● **What you should do**
Reproduce, character for character, the entries from their opening line through the line with "[apply pow_lt, INR_S_pos|].".

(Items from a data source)
Lemma mzvN_antitone c c' :
  Forall2 (fun x y => (y <= x)%nat) c c' -> forall N, mzvN c N <= mzvN c' N.
Proof.
  induction 1 as [|x y l l' Hxy _ IH]; intros N; [simpl; lra|].
  induction N as [|N IHN]; [rewrite !mzvN_0; lra|]. rewrite !mzvN_S.
  assert (/ INR (S N) ^ x <= / INR (S N) ^ y).
  { apply Rinv_le_contravar; [apply pow_lt, INR_S_pos|].
    apply Rle_pow; [|exact Hxy]. rewrite S_INR. pose proof (pos_INR N); lra. }
  pose proof (IH N). pose proof (mzvN_nonneg l N).
  pose proof (Rinv_0_lt_compat _ (pow_lt _ y (INR_S_pos N))). nra.
Qed.

(** * Connected sums and duality *)

Definition connector (m n : nat) : R := INR (fact m) * INR (fact n) / INR (fact (m + n)).

Lemma connector_pos m n : 0 < connector m n.
Proof.
  unfold connector. pose proof (lt_0_INR _ (lt_O_fact m)). pose proof (lt_0_INR _ (lt_O_fact n)).
  pose proof (lt_0_INR _ (lt_O_fact (m + n))). apply Rdiv_lt_0_compat; nra.
Qed.

Lemma connector_0_r m : connector m 0 = 1.
Proof. unfold connector. rewrite Nat.add_0_r. simpl (INR (fact 0)). field. apply INR_fact_neq_0. Qed.

Lemma connector_sym m n : connector m n = connector n m.
Proof. unfold connector, Rdiv. rewrite (Nat.add_comm m n). ring. Qed.

Lemma connector_rec m n : connector m (S n) * INR (m + S n) = connector m n * INR (S n).
Proof.
  unfold connector.
  rewrite Nat.add_succ_r, (fact_simpl (m + n)), (fact_simpl n), !mult_INR, <- Nat.add_succ_r.
  field. split; [apply INR_fact_neq_0|]. apply not_0_INR. lia.
Qed.

Lemma connector_decr m n : connector m (S n) <= connector m n.
Proof.
  pose proof (connector_rec m n). pose proof (connector_pos m (S n)). pose proof (connector_pos m n).
  assert (INR (S n) <= INR (m + S n)) by (apply le_INR; lia). pose proof (INR_S_pos n). nra.
Qed.

Lemma connector_diff m n : INR (S n) * (connector m n - connector m (S n)) = INR m * connector m (S n).
Proof. pose proof (connector_rec m n) as H. rewrite plus_INR in H. nra. Qed.

Lemma connector_le_inv m n : (1 <= m)%nat -> connector m n <= / INR (S n).
Proof.
  intros Hm. pose proof (INR_S_pos n).
  apply Rmult_le_reg_r with (INR (S n)); [lra|]. rewrite Rinv_l by lra.
  induction n as [|n IH].
  - rewrite connector_0_r. simpl. lra.
  - pose proof (connector_rec m n). pose proof (connector_pos m (S n)).
    assert (INR (S (S n)) <= INR (m + S n)) by (apply le_INR; lia).
    specialize (IH (INR_S_pos n)). nra.
Qed.

Definition connector_sum (l : list nat) (m M : nat) : R :=
  sum_f_R0 (fun n => connector m n * mzv_term l n) M.

Definition connected_sum (k l : list nat) (N M : nat) : R :=
  sum_f_R0 (fun m => mzv_term k m * connector_sum l m M) N.
Section AffineIntersection.
Variables (R : realType) (n : nat).
Implicit Types (U W A : {vspace 'rV[R]_n}) (b c d : 'rV[R]_n).

Lemma aff_center U c : aff U c c.
Proof. by rewrite /aff /= subrr mem0v. Qed.

Lemma aff_shift U c d : d - c \in U -> aff U d = aff U c.
Proof.
move=> dcU; apply/seteqP; split=> x; rewrite /aff /= => xU.
  by have := memvD xU dcU; rewrite addrA subrK.
by have := memvB xU dcU; rewrite opprB addrA subrK.
Qed.

Lemma aff_dir U W c d : aff U c = aff W d -> U = W.
Proof.
move=> E; have cW : aff W d c by rewrite -E; exact: aff_center.
rewrite -(aff_shift cW) in E; apply/vspaceP => x.
move: (congr1 (@^~ (x + c)) E); rewrite /aff /= addrK => UW.
by apply/idP/idP; rewrite UW.
Qed.

Lemma affI_at U A c b d : aff U c d -> aff A b d ->
  aff U c `&` aff A b = aff (U :&: A) d.
Proof.
move=> dU dA; rewrite -(aff_shift dU) -(aff_shift dA).
apply/seteqP; split=> x; rewrite /aff /= memv_cap.
  by case=> *; apply/andP.
by case/andP.
Qed.

Lemma affdim_ge_affI U A c b j :
  affdim_ge (aff U c `&` aff A b) j <->
  aff U c `&` aff A b !=set0 /\ (j <= \dim (U :&: A))%N.
Proof.
split=> [[W [d [E jW]]]|[[d [dU dA]] jUA]]; last first.
  by exists (U :&: A)%VS, d; rewrite (affI_at dU dA).
have [dU dA] : (aff U c `&` aff A b) d by rewrite E; exact: aff_center.
by split; [exists d | rewrite -(aff_dir (etrans (esym E) (affI_at dU dA)))].
Qed.

Lemma affI_slide_neq0 U A c b (t : R) : aff U c `&` aff A b !=set0 ->
  aff U ((1 - t) *: c + t *: b) `&` aff A b !=set0.
Proof.
case=> d [dU dA]; exists ((1 - t) *: d + t *: b); split.
  by rewrite /aff /= convex_combB memvZ.
by rewrite /aff /= convex_combBr memvZ.
Qed.

End AffineIntersection.

Section OffsetHomotopy.
Variables (R : realType) (n : nat) (b : 'rV[R]_n).

Definition offset_homotopy (z : R * ('M[R]_n * 'rV[R]_n)) :
  'M[R]_n * 'rV[R]_n :=
  (z.2.1, (1 - z.1) *: z.2.2 + z.1 *: (b - b *m z.2.1)).

Lemma offset_homotopy_continuous : continuous offset_homotopy.
Proof.
move=> z; have dir_cont : {for z, continuous (fun z : R * _ => z.2.1)}.
  by apply: continuous_comp; [exact: cvg_snd | exact: cvg_fst].
have offset_cont : {for z, continuous (fun z => (offset_homotopy z).2)}.
  apply: continuousD; apply: continuousZ.
  - by apply: continuousB; [exact: cst_continuous | exact: cvg_fst].
  - by apply: continuous_comp; [exact: cvg_snd | exact: cvg_snd].
  - exact: cvg_fst.
  apply: continuousB; first exact: cst_continuous.
  by apply: continuous_comp; [exact: dir_cont | exact: mulmx_continuous].
exact: cvg_pair dir_cont offset_cont.
Qed.

Lemma offset_homotopy0 y : offset_homotopy (0, y) = y.
Proof.
by case: y => P v; rewrite /offset_homotopy /= subr0 scale1r scale0r addr0.
Qed.

Lemma offset_homotopy_gemb t U c :
  offset_homotopy (t, gemb U c) = gemb U ((1 - t) *: c + t *: b).
Proof.
rewrite /offset_homotopy /gemb /=; congr pair.
by rewrite mulmxDl -!scalemxAl !scalerBr opprD addrACA.
Qed.

Lemma graff_subset_offset_homotopy k (Q : set 'rV[R]_n -> Prop) t y :
  (forall U c, Q (aff U c) -> Q (aff U ((1 - t) *: c + t *: b))) ->
  graff_subset k Q y -> graff_subset k Q (offset_homotopy (t, y)).
Proof.
move=> Qslide [U [c [dimU [QU ->]]]]; rewrite offset_homotopy_gemb.
by exists U, ((1 - t) *: c + t *: b); split; [|split; [exact: Qslide|]].
Qed.

End OffsetHomotopy.

Section SchubertSets.
Variables (R : realType) (n k : nat).
Variables (A : nat -> {vspace 'rV[R]_n}) (b : 'rV[R]_n).
Local Notation H := (offset_homotopy b).

Lemma Psi_sub_tauinvOmega : Psi k A b `<=` tauinvOmega k A.
Proof.
move=> _ [U [c [dimU [PsiU ->]]]]; exists U, c; do 2 split => //.
exists U, c; do 2 split => //.
by move=> j /PsiU /affdim_ge_affI[].
Qed.

Lemma sbOmega_sub_Psi : sbOmega k A b `<=` Psi k A b.
Proof.
move=> _ [U [c [dimU [[B [[_ OmegaB] E]] ->]]]].
exists U, c; do 2 split => //.
move=> j /OmegaB jB; rewrite E; apply/affdim_ge_affI; split => //.
by exists b; split; exact: aff_center.
Qed.

Lemma Psi_offset_homotopy t y : Psi k A b y -> Psi k A b (H (t, y)).
Proof.
apply: graff_subset_offset_homotopy => U c PsiU j.
move=> /PsiU /affdim_ge_affI[ne jUA].
by apply/affdim_ge_affI; split; first exact: affI_slide_neq0.
Qed.

Lemma tauinvOmega_offset_homotopy t y :
  tauinvOmega k A y -> tauinvOmega k A (H (t, y)).
Proof.
apply: graff_subset_offset_homotopy => U c [B [d [OmegaB E]]].
by exists U, ((1 - t) *: c + t *: b); rewrite (aff_dir E).
Qed.

Lemma offset_homotopy1_sbOmega y :
  tauinvOmega k A y -> sbOmega k A b (H (1, y)).
Proof.
move=> [U [c [dimU [[B [d [OmegaB E]]] ->]]]].
rewrite offset_homotopy_gemb subrr scale0r add0r scale1r.
by exists U, b; do 2 split => //; exists U; rewrite (aff_dir E).
Qed.

Lemma offset_homotopy_sbOmega t y : sbOmega k A b y -> H (t, y) = y.
Proof.
move=> [U [c [_ [[B [_ E]] ->]]]]; rewrite offset_homotopy_gemb.
have cbU : aff U b c by rewrite (aff_dir E) -E; exact: aff_center.
by rewrite !(gemb_shift (c := b)) // convex_combBr memvZ.
Qed.

End SchubertSets.

Lemma unit_int_1B (R : realType) (t : R) : unit_int t -> unit_int (1 - t).
Proof. by rewrite /unit_int /= !in_itv /= subr_ge0 gerBl andbC. Qed.

Section Deformation.
Variables (R : realType) (T : topologicalType) (H : R * T -> T).
Hypotheses (H_cont : continuous H) (H0 : forall x, H (0, x) = x).

Lemma homotopic_on_deformation (X : set T) :
  (forall t x, unit_int t -> X x -> X (H (t, x))) ->
  homotopic_on R X (fun x => H (1, x)) idfun.
Proof.
move=> HX; exists (fun z => H (1 - z.1, z.2)); split.
  apply: continuous_subspaceT => z.
  have flip_cont : {for z, continuous (fun z : R * T => (1 - z.1, z.2))}.
    apply: (@cvg_pair _ _ _ _ (nbhs (1 - z.1)) (nbhs z.2)); last exact: cvg_snd.
    by apply: continuousB; [exact: cst_continuous | exact: cvg_fst].
  by apply: (continuous_comp flip_cont); exact: H_cont.
split; first by move=> t x /unit_int_1B; exact: HX.
by split=> x _ /=; rewrite ?subr0 // subrr H0.
Qed.

Lemma homotopy_equivalent_deformation (Y Z : set T) : Y `<=` Z ->
  (forall t y, unit_int t -> Y y -> Y (H (t, y))) ->
  (forall t z, unit_int t -> Z z -> Z (H (t, z))) ->
  (forall z, Z z -> Y (H (1, z))) ->
  homotopy_equivalent R Y Z.
Proof.
move=> YZ HY HZ H1Z; exists id, (fun z => H (1, z)).
split; first by apply: continuous_subspaceT => y; exact: cvg_id.
split.
  apply: continuous_subspaceT => z.
  have pair1_cont : {for z, continuous (fun z : T => (1 : R, z))}.
    apply: (@cvg_pair _ _ _ _ (nbhs (1 : R)) (nbhs z)); first exact: cvg_cst.
    exact: cvg_id.
  by apply: (continuous_comp pair1_cont); exact: H_cont.
split; first by move=> _ [y Yy <-]; exact: YZ.
split; first by move=> _ [z Zz <-]; exact: H1Z.
by split; exact: homotopic_on_deformation.
Qed.

End Deformation.

Theorem theorem7p6 (R : realType) (n k : nat)
    (A : nat -> {vspace 'rV[R]_n}) (b : 'rV[R]_n) :
  (forall j, (1 <= j < k)%N -> (A j <= A j.+1)%VS) ->
  strong_deformation_retract R (sbOmega k A b) (Psi k A b) /\
  homotopy_equivalent R (Psi k A b) (tauinvOmega k A).
Proof.
move=> _; split.
  split; first exact: sbOmega_sub_Psi.
  exists (offset_homotopy b).
  split; first exact/continuous_subspaceT/offset_homotopy_continuous.
  split; first by move=> t y _; exact: Psi_offset_homotopy.
  split; first by move=> y _; exact: offset_homotopy0.
  split; first by move=> y /Psi_sub_tauinvOmega /offset_homotopy1_sbOmega.
  by move=> t x _; exact: offset_homotopy_sbOmega.
apply: (homotopy_equivalent_deformation
         (@offset_homotopy_continuous _ _ b) (offset_homotopy0 b)).
- exact: Psi_sub_tauinvOmega.
- by move=> t y _; exact: Psi_offset_homotopy.
- by move=> t z _; exact: tauinvOmega_offset_homotopy.
- by move=> z /offset_homotopy1_sbOmega /sbOmega_sub_Psi.
Qed.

● **Exercise output**
Lemma mzvN_antitone c c' :
  Forall2 (fun x y => (y <= x)%nat) c c' -> forall N, mzvN c N <= mzvN c' N.
Proof.
  induction 1 as [|x y l l' Hxy _ IH]; intros N; [simpl; lra|].
  induction N as [|N IHN]; [rewrite !mzvN_0; lra|]. rewrite !mzvN_S.
  assert (/ INR (S N) ^ x <= / INR (S N) ^ y).
  { apply Rinv_le_contravar; [apply pow_lt, INR_S_pos|].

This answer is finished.